-------- GIVEN DATA

(* Let $\mathcal{E}$ be a right exact category and let $\mathcal{A}\subseteq\mathcal{E}$ be a right percolating subcategory. (1) The category $\mathrm{C}^b(\mathcal{E})$ of bounded cochain complexes has a natural right exact structure, in which a sequence of chain maps is a conflation iff it is a conflation in $\mathcal{E}$ in each degree. (2) With this structure, $\mathrm{C}^b(\mathcal{A})$ is a right percolating subcategory of $\mathrm{C}^b(\mathcal{E})$.
   Context: A conflation category is an additive category with a class of kernel-cokernel pairs (conflations; kernel part = inflation $\rightarrowtail$, cokernel part = deflation $\twoheadrightarrow$) closed under isomorphism. It is right exact if $1_0$ is a deflation, deflations compose, and pullbacks of deflations along arbitrary morphisms exist and are deflations. A non-empty full subcategory $\mathcal{A}$ of a conflation category $\mathcal{E}$ is right percolating if: (P1) for every conflation $A'\rightarrowtail A\twoheadrightarrow A''$, $A\in\mathcal{A}$ iff $A',A''\in\mathcal{A}$; (P2) every morphism $C\to A$ with $A\in\mathcal{A}$ factors as a deflation $C\twoheadrightarrow A'$ with $A'\in\mathcal{A}$ followed by a morphism $A'\to A$; (P3) for an inflation $C\rightarrowtail D$ and a deflation $C\twoheadrightarrow A$ with $A\in\mathcal{A}$, the pushout exists and the induced maps $A\to P$, $D\to P$ are an inflation and a deflation respectively; (P4) for every inflation $A\rightarrowtail X$ and deflation $X\twoheadrightarrow B$ with $A,B\in\mathcal{A}$ there are $A',B'\in\mathcal{A}$, deflations $A\twoheadrightarrow A'$, $X\twoheadrightarrow B'$, an inflation $A'\rightarrowtail B'$ and a morphism $B'\to B$ with $A\rightarrowtail X\twoheadrightarrow B'$ equal to $A\twoheadrightarrow A'\rightarrowtail B'$ and $X\twoheadrightarrow B$ equal to $X\twoheadrightarrow B'\to B$. *)

From Stdlib Require Import ZArith FunctionalExtensionality ProofIrrelevance.

Set Implicit Arguments.
Unset Strict Implicit.

(** * Categories (composition written diagrammatically: f ;; g = "f then g") *)
Record Cat := {
  Ob : Type;
  Hom : Ob -> Ob -> Type;
  comp : forall X Y Z : Ob, Hom X Y -> Hom Y Z -> Hom X Z;
  idm : forall X : Ob, Hom X X;
  comp_idl : forall X Y (f : Hom X Y), comp (idm X) f = f;
  comp_idr : forall X Y (f : Hom X Y), comp f (idm Y) = f;
  comp_assoc : forall X Y Z W (f : Hom X Y) (g : Hom Y Z) (h : Hom Z W),
      comp (comp f g) h = comp f (comp g h)
}.
Arguments Hom {c} _ _.
Arguments comp {c X Y Z} _ _.
Arguments idm {c} X.

Notation "f ;; g" := (comp f g) (at level 40, left associativity).

Section CatDefs.
Variable C : Cat.

Definition is_initial (Z : Ob C) : Prop := forall Y : Ob C, exists! f : Hom Z Y, True.
Definition is_terminal (Z : Ob C) : Prop := forall Y : Ob C, exists! f : Hom Y Z, True.
Definition is_zero (Z : Ob C) : Prop := is_initial Z /\ is_terminal Z.

Definition zero_mor {X Y : Ob C} (f : Hom X Y) : Prop :=
  exists (Z : Ob C) (g : Hom X Z) (h : Hom Z Y), is_zero Z /\ f = g ;; h.

Definition is_iso {X Y : Ob C} (f : Hom X Y) : Prop :=
  exists g : Hom Y X, f ;; g = idm X /\ g ;; f = idm Y.

Definition is_biproduct (X Y S : Ob C) (i1 : Hom X S) (i2 : Hom Y S)
  (p1 : Hom S X) (p2 : Hom S Y) : Prop :=
  i1 ;; p1 = idm X /\ i2 ;; p2 = idm Y /\ zero_mor (i1 ;; p2) /\ zero_mor (i2 ;; p1) /\
  (forall W (f : Hom W X) (g : Hom W Y), exists! u : Hom W S, u ;; p1 = f /\ u ;; p2 = g) /\
  (forall W (f : Hom X W) (g : Hom Y W), exists! u : Hom S W, i1 ;; u = f /\ i2 ;; u = g).

(** h = f + g, for the canonical (semi-additive) addition induced by biproducts. *)
Definition is_sum {X Y : Ob C} (f g h : Hom X Y) : Prop :=
  exists (S : Ob C) (i1 i2 : Hom Y S) (p1 p2 : Hom S Y) (dl : Hom X S) (nb : Hom S Y),
    is_biproduct i1 i2 p1 p2 /\ dl ;; p1 = f /\ dl ;; p2 = g /\
    i1 ;; nb = idm Y /\ i2 ;; nb = idm Y /\ h = dl ;; nb.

----------------

• **TASK DETAILS**
Every entry above needs to be duplicated exactly.

• **RESPONSE**
(* Let $\mathcal{E}$ be a right exact category and let $\mathcal{A}\subseteq\mathcal{E}$ be a right percolating subcategory. (1) The category $\mathrm{C}^b(\mathcal{E})$ of bounded cochain complexes has a natural right exact structure, in which a sequence of chain maps is a conflation iff it is a conflation in $\mathcal{E}$ in each degree. (2) With this structure, $\mathrm{C}^b(\mathcal{A})$ is a right percolating subcategory of $\mathrm{C}^b(\mathcal{E})$.
   Context: A conflation category is an additive category with a class of kernel-cokernel pairs (conflations; kernel part = inflation $\rightarrowtail$, cokernel part = deflation $\twoheadrightarrow$) closed under isomorphism. It is right exact if $1_0$ is a deflation, deflations compose, and pullbacks of deflations along arbitrary morphisms exist and are deflations. A non-empty full subcategory $\mathcal{A}$ of a conflation category $\mathcal{E}$ is right percolating if: (P1) for every conflation $A'\rightarrowtail A\twoheadrightarrow A''$, $A\in\mathcal{A}$ iff $A',A''\in\mathcal{A}$; (P2) every morphism $C\to A$ with $A\in\mathcal{A}$ factors as a deflation $C\twoheadrightarrow A'$ with $A'\in\mathcal{A}$ followed by a morphism $A'\to A$; (P3) for an inflation $C\rightarrowtail D$ and a deflation $C\twoheadrightarrow A$ with $A\in\mathcal{A}$, the pushout exists and the induced maps $A\to P$, $D\to P$ are an inflation and a deflation respectively; (P4) for every inflation $A\rightarrowtail X$ and deflation $X\twoheadrightarrow B$ with $A,B\in\mathcal{A}$ there are $A',B'\in\mathcal{A}$, deflations $A\twoheadrightarrow A'$, $X\twoheadrightarrow B'$, an inflation $A'\rightarrowtail B'$ and a morphism $B'\to B$ with $A\rightarrowtail X\twoheadrightarrow B'$ equal to $A\twoheadrightarrow A'\rightarrowtail B'$ and $X\twoheadrightarrow B$ equal to $X\twoheadrightarrow B'\to B$. *)

From Stdlib Require Import ZArith FunctionalExtensionality ProofIrrelevance.

Set Implicit Arguments.
Unset Strict Implicit.

(** * Categories (composition written diagrammatically: f ;; g = "f then g") *)
Record Cat := {
  Ob : Type;
  Hom : Ob -> Ob -> Type;
  comp : forall X Y Z : Ob, Hom X Y -> Hom Y Z -> Hom X Z;
  idm : forall X : Ob, Hom X X;
  comp_idl : forall X Y (f : Hom X Y), comp (idm X) f = f;
  comp_idr : forall X Y (f : Hom X Y), comp f (idm Y) = f;
  comp_assoc : forall X Y Z W (f : Hom X Y) (g : Hom Y Z) (h : Hom Z W),
      comp (comp f g) h = comp f (comp g h)
}.
Arguments Hom {c} _ _.
Arguments comp {c X Y Z} _ _.
Arguments idm {c} X.

Notation "f ;; g" := (comp f g) (at level 40, left associativity).

Section CatDefs.
Variable C : Cat.

Definition is_initial (Z : Ob C) : Prop := forall Y : Ob C, exists! f : Hom Z Y, True.
Definition is_terminal (Z : Ob C) : Prop := forall Y : Ob C, exists! f : Hom Y Z, True.
Definition is_zero (Z : Ob C) : Prop := is_initial Z /\ is_terminal Z.

Definition zero_mor {X Y : Ob C} (f : Hom X Y) : Prop :=
  exists (Z : Ob C) (g : Hom X Z) (h : Hom Z Y), is_zero Z /\ f = g ;; h.

Definition is_iso {X Y : Ob C} (f : Hom X Y) : Prop :=
  exists g : Hom Y X, f ;; g = idm X /\ g ;; f = idm Y.

Definition is_biproduct (X Y S : Ob C) (i1 : Hom X S) (i2 : Hom Y S)
  (p1 : Hom S X) (p2 : Hom S Y) : Prop :=
  i1 ;; p1 = idm X /\ i2 ;; p2 = idm Y /\ zero_mor (i1 ;; p2) /\ zero_mor (i2 ;; p1) /\
  (forall W (f : Hom W X) (g : Hom W Y), exists! u : Hom W S, u ;; p1 = f /\ u ;; p2 = g) /\
  (forall W (f : Hom X W) (g : Hom Y W), exists! u : Hom S W, i1 ;; u = f /\ i2 ;; u = g).

(** h = f + g, for the canonical (semi-additive) addition induced by biproducts. *)
Definition is_sum {X Y : Ob C} (f g h : Hom X Y) : Prop :=
  exists (S : Ob C) (i1 i2 : Hom Y S) (p1 p2 : Hom S Y) (dl : Hom X S) (nb : Hom S Y),
    is_biproduct i1 i2 p1 p2 /\ dl ;; p1 = f /\ dl ;; p2 = g /\
    i1 ;; nb = idm Y /\ i2 ;; nb = idm Y /\ h = dl ;; nb.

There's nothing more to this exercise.